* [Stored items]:
▬▬▬▬▬▬▬▬▬▬

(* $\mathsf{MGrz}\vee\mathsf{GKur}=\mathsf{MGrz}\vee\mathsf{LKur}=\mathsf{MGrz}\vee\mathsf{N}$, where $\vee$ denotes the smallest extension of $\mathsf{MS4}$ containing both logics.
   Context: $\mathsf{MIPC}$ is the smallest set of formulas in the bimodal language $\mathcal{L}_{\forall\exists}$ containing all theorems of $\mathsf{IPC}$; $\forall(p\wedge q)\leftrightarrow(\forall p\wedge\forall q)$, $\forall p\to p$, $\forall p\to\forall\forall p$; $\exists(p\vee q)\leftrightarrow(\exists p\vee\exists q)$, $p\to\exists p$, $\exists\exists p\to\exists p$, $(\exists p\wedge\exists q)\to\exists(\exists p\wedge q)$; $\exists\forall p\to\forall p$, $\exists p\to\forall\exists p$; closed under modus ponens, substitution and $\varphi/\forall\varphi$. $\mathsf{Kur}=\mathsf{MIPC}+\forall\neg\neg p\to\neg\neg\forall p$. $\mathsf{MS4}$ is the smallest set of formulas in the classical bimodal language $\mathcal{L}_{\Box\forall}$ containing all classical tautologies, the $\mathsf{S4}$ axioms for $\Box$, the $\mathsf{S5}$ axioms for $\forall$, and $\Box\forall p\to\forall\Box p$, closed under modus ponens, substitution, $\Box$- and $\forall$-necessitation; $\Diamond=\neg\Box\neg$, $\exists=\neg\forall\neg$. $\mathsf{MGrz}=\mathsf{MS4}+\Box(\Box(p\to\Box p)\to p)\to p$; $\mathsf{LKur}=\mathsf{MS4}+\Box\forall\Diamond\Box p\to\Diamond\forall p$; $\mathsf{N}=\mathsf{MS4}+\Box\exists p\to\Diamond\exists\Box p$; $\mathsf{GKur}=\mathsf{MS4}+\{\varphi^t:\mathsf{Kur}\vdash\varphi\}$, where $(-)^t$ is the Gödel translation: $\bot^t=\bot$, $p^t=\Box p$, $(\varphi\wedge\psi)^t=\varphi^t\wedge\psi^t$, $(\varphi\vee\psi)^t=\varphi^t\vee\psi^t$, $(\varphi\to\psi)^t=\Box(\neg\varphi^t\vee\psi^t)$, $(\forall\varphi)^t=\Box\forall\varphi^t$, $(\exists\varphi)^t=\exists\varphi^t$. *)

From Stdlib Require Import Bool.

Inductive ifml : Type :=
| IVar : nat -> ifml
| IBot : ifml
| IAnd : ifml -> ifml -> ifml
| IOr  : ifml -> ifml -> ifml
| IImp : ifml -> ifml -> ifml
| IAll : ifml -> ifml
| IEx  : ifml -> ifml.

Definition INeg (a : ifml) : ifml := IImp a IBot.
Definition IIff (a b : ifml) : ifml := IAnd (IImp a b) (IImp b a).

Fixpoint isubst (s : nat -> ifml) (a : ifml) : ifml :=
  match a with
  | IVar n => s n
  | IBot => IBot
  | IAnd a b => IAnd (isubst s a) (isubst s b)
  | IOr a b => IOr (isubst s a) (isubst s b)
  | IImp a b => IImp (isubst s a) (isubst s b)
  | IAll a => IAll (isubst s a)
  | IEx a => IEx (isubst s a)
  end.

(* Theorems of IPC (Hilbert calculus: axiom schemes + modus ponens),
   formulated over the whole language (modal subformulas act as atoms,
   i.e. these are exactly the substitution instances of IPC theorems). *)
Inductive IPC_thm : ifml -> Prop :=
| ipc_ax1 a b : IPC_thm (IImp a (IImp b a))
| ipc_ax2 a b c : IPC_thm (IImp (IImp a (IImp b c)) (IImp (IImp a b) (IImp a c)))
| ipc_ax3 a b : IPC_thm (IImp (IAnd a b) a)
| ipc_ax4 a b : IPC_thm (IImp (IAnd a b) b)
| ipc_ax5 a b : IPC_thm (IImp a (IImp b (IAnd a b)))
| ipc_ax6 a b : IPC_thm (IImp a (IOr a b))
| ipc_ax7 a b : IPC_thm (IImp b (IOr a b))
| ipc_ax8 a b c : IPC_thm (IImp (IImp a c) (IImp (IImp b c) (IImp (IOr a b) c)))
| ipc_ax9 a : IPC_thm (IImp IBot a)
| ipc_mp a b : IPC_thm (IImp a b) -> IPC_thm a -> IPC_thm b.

▬▬▬▬▬▬▬▬▬▬

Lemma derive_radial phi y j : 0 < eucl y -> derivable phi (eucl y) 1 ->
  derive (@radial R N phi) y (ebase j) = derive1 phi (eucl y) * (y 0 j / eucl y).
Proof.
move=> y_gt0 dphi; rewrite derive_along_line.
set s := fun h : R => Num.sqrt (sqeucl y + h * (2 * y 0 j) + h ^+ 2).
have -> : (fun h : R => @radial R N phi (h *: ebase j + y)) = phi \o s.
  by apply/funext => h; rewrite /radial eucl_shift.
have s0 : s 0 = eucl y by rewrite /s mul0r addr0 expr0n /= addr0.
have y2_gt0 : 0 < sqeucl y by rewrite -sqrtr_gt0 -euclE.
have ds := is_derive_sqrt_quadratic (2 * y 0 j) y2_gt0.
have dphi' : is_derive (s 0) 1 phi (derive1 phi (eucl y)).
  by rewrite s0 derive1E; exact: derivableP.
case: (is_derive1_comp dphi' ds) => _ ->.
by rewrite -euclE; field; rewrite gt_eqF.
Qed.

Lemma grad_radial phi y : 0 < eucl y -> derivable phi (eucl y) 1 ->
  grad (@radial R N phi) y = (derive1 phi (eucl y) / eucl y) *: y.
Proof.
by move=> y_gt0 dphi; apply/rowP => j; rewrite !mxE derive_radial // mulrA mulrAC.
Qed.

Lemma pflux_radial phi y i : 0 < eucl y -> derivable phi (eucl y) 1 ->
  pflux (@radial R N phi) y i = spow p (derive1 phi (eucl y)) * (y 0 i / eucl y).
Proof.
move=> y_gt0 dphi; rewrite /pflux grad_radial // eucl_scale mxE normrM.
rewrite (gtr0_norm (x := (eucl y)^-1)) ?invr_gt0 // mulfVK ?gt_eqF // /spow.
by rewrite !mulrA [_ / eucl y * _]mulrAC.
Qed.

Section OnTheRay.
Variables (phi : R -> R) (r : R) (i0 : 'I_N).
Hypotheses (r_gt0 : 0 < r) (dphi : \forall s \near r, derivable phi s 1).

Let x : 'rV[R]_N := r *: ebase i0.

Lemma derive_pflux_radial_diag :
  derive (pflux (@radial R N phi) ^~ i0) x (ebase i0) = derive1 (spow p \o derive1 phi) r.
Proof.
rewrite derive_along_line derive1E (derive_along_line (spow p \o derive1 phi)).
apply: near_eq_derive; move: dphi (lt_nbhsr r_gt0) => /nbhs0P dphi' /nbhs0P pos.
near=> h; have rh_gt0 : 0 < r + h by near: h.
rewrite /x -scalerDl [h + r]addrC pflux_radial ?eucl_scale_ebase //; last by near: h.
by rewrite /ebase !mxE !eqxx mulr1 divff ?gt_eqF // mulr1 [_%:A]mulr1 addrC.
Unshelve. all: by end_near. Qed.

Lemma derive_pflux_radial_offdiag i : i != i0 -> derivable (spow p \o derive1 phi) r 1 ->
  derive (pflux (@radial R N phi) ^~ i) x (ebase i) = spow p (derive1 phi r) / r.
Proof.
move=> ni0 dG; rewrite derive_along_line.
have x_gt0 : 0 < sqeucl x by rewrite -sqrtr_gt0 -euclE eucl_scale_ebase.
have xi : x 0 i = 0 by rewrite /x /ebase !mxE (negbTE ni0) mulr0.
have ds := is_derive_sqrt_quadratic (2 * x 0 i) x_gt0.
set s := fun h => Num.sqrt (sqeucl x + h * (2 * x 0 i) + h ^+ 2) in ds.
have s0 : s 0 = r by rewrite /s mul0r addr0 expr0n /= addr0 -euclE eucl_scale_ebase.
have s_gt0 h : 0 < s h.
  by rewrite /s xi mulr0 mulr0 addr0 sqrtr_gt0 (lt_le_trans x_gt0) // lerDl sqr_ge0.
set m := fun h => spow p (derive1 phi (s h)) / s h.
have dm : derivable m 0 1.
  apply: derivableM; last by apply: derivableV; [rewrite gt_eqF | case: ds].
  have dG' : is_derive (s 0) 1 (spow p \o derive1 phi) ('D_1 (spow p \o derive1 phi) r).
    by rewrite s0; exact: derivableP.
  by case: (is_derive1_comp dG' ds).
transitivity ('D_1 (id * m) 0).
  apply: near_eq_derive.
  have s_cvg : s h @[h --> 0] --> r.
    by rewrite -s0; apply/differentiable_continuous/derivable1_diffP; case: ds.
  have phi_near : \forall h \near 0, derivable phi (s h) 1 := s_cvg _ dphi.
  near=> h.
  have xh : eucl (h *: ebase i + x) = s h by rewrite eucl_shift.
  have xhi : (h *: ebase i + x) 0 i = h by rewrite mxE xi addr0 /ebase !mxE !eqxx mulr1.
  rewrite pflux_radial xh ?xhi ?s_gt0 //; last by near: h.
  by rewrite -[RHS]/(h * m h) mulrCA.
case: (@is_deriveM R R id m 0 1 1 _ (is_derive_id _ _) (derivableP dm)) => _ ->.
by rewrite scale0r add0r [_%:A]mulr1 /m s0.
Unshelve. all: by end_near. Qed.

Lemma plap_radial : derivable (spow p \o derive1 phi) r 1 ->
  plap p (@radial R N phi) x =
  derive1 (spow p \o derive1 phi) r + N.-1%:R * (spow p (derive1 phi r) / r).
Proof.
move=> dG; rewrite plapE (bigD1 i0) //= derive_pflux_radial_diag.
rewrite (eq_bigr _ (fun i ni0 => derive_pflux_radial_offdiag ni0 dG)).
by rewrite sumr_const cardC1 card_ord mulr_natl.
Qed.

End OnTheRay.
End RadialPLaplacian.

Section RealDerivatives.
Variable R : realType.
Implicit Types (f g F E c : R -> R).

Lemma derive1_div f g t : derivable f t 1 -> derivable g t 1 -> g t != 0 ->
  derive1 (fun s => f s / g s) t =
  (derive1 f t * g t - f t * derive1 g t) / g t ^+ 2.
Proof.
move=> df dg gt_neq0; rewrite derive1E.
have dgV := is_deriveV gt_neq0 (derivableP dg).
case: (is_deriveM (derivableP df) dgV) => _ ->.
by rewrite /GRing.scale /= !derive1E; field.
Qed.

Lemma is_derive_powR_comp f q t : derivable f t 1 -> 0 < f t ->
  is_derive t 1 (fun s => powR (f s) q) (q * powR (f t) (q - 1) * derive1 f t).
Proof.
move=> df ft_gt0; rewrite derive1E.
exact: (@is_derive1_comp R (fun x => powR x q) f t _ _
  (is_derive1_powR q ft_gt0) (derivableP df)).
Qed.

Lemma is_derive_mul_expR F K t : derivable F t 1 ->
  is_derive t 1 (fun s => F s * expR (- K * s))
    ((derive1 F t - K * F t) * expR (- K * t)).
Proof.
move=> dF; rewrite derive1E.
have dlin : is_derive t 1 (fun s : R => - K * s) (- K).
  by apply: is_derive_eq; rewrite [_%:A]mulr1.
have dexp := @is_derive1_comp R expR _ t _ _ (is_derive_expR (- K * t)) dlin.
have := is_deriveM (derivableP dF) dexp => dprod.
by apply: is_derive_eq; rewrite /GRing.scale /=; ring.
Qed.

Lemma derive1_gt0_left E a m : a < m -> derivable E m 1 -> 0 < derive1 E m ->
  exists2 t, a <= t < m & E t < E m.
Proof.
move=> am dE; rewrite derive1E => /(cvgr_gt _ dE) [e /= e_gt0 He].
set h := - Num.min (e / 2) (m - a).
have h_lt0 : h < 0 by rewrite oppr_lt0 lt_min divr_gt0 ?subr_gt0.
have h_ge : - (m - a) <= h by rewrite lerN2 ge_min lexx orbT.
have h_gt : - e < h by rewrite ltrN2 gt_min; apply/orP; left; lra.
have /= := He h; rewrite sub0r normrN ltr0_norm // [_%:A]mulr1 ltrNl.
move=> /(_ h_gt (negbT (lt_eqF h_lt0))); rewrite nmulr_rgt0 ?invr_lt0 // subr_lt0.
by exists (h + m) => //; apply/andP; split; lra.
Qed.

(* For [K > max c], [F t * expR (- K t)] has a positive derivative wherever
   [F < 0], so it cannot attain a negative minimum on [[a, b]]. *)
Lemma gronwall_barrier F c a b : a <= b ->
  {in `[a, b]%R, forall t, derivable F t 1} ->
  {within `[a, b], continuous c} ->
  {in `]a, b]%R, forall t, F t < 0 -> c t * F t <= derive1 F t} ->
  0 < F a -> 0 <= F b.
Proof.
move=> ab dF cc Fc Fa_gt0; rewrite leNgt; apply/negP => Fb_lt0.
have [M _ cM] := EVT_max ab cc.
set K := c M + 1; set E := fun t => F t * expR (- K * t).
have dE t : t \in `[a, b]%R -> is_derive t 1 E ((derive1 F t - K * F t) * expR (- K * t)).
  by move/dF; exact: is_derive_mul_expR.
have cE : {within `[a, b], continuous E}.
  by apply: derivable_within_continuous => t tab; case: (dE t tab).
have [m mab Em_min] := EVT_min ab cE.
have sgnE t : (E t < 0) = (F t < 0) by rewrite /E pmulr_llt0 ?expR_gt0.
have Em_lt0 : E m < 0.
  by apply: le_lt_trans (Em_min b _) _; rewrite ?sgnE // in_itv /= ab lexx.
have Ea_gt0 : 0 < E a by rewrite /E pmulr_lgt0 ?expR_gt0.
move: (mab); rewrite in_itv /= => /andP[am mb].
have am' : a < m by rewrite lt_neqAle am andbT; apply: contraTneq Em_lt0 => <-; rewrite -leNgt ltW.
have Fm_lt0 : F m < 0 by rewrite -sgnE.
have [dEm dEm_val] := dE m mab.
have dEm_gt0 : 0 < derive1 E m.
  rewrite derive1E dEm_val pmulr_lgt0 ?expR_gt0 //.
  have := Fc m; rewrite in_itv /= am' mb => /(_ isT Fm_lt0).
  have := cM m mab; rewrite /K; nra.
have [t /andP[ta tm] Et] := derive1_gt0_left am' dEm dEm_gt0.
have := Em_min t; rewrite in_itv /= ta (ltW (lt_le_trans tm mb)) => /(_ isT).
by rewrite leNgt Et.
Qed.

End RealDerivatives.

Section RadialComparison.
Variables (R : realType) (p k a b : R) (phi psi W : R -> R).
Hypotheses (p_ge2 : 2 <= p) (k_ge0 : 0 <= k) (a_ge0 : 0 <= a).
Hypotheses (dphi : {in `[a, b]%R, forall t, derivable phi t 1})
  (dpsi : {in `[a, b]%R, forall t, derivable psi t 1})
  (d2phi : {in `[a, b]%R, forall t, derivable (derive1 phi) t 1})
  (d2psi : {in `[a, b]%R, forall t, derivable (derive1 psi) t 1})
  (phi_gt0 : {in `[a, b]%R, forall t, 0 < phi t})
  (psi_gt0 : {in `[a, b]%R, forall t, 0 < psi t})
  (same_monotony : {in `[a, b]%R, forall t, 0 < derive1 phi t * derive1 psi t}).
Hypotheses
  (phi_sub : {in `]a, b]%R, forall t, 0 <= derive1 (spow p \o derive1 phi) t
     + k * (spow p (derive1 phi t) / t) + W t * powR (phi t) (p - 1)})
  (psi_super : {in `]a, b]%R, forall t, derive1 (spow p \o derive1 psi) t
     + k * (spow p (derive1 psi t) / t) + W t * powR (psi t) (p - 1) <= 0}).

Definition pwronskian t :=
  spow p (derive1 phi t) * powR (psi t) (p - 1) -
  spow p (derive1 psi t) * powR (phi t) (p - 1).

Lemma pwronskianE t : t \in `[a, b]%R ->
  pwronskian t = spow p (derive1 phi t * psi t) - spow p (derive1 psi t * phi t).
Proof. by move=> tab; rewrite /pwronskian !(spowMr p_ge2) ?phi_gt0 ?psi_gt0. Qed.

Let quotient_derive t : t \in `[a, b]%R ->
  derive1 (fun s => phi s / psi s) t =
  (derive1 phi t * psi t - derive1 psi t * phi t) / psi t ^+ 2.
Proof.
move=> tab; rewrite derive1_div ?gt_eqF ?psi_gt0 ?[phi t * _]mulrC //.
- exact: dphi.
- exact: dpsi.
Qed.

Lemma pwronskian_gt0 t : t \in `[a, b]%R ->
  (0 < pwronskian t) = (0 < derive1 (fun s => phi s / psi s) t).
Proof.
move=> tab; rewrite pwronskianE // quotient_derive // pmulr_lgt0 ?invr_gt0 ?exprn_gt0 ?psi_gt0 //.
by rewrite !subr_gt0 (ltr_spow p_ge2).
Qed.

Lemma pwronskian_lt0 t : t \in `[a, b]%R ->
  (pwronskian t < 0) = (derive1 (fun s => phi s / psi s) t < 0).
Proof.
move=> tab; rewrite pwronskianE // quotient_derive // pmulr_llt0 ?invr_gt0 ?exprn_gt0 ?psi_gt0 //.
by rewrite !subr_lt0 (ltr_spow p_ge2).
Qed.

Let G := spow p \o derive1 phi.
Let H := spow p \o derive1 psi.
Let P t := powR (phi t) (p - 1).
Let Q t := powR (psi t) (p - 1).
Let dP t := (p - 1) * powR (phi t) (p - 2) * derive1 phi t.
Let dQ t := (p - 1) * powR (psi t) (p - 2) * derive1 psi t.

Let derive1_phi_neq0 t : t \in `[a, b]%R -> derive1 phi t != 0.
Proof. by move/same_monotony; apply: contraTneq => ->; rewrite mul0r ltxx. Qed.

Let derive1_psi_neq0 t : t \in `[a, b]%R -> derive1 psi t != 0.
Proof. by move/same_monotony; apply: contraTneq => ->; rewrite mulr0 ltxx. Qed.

▬▬▬▬▬▬▬▬▬▬

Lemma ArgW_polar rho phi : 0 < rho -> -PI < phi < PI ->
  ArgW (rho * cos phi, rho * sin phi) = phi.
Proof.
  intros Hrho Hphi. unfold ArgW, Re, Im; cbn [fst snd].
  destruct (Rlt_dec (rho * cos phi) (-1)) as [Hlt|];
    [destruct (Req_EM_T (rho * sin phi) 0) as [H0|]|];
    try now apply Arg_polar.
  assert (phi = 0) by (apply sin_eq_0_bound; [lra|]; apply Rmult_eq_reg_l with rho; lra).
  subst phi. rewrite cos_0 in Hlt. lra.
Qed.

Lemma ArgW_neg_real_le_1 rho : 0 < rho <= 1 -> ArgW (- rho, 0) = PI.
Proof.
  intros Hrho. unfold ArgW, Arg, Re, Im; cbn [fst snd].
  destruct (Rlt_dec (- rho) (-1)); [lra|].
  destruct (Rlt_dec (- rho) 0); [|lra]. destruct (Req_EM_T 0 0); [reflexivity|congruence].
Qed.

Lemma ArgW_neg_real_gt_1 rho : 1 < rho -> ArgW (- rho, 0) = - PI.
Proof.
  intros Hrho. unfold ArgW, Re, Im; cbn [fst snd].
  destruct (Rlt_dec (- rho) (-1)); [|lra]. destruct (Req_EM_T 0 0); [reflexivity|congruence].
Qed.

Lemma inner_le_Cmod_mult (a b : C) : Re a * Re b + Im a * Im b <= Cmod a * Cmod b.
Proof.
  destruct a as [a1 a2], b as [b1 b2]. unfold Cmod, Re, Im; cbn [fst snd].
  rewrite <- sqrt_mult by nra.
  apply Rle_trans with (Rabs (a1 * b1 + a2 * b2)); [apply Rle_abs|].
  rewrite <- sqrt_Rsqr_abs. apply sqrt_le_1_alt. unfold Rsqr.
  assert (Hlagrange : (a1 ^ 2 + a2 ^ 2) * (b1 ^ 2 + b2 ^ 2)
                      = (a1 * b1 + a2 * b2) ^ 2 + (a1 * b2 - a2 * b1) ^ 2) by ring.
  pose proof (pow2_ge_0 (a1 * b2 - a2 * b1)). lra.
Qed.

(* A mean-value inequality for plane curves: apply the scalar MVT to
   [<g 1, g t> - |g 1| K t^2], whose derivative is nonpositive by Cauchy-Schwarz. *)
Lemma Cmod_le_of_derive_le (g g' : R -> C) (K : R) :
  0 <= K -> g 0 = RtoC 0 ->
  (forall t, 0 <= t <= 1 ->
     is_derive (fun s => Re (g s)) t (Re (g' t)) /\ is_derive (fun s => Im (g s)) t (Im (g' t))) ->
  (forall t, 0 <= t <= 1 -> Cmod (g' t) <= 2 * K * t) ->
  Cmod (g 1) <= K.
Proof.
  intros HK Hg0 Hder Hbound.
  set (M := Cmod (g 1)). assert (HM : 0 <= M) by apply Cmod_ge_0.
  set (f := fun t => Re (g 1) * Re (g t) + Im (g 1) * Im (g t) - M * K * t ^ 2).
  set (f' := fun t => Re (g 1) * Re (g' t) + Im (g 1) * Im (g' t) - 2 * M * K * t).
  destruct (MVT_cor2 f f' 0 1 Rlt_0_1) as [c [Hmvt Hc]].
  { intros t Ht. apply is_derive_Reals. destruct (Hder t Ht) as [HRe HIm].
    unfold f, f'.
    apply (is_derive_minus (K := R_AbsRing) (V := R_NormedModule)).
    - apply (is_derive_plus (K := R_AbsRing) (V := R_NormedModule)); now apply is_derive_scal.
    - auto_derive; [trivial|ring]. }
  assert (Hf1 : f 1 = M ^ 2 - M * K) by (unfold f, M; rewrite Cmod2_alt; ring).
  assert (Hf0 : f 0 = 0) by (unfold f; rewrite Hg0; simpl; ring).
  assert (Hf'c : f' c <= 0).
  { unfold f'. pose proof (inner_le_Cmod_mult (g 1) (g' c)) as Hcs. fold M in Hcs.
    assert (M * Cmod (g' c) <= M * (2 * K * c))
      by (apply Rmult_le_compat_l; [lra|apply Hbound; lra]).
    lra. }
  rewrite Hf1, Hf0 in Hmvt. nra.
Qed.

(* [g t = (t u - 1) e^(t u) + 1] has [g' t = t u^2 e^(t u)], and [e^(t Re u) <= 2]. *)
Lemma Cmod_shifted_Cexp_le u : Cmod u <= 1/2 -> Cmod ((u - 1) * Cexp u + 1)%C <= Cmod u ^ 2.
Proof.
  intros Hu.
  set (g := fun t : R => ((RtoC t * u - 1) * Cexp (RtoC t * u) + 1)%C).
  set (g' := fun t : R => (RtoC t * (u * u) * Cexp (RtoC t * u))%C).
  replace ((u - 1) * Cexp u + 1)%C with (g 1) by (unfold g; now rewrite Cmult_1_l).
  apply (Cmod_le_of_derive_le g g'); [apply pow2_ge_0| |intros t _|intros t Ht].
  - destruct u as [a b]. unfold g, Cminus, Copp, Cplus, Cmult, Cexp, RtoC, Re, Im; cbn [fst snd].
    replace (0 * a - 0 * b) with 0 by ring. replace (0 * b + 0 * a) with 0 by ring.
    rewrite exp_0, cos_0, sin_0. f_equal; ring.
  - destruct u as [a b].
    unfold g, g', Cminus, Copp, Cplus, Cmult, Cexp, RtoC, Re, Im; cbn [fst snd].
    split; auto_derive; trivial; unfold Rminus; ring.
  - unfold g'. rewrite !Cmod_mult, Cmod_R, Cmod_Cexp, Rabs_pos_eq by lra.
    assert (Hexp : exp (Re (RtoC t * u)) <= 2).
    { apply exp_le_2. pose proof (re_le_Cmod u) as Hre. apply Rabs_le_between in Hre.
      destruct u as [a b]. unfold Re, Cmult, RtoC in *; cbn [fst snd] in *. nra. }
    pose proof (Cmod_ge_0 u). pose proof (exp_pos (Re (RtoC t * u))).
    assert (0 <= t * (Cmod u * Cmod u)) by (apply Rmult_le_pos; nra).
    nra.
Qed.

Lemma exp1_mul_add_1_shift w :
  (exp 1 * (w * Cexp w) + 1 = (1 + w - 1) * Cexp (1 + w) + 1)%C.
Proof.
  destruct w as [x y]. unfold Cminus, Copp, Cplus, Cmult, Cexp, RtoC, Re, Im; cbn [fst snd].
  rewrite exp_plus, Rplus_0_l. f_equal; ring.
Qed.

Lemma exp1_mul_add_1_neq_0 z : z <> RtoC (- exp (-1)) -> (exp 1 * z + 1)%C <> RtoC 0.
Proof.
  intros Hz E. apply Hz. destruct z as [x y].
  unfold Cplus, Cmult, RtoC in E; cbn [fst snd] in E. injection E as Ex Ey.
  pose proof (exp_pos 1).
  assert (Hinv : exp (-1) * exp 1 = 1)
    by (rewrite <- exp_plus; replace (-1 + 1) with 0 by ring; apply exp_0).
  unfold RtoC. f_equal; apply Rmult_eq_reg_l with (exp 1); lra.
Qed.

▬▬▬▬▬▬▬▬▬▬

* [THE PROBLEM]: In the data above, find the line that contains "have dG' : is_derive" and the line that contains "apply: near_eq_derive.". Repeat exactly those lines and every line between them, and only those.

* [EXERCISE OUTPUT]:
  have dG' : is_derive (s 0) 1 (spow p \o derive1 phi) ('D_1 (spow p \o derive1 phi) r).
    by rewrite s0; exact: derivableP.
  by case: (is_derive1_comp dG' ds).
transitivity ('D_1 (id * m) 0).
  apply: near_eq_derive.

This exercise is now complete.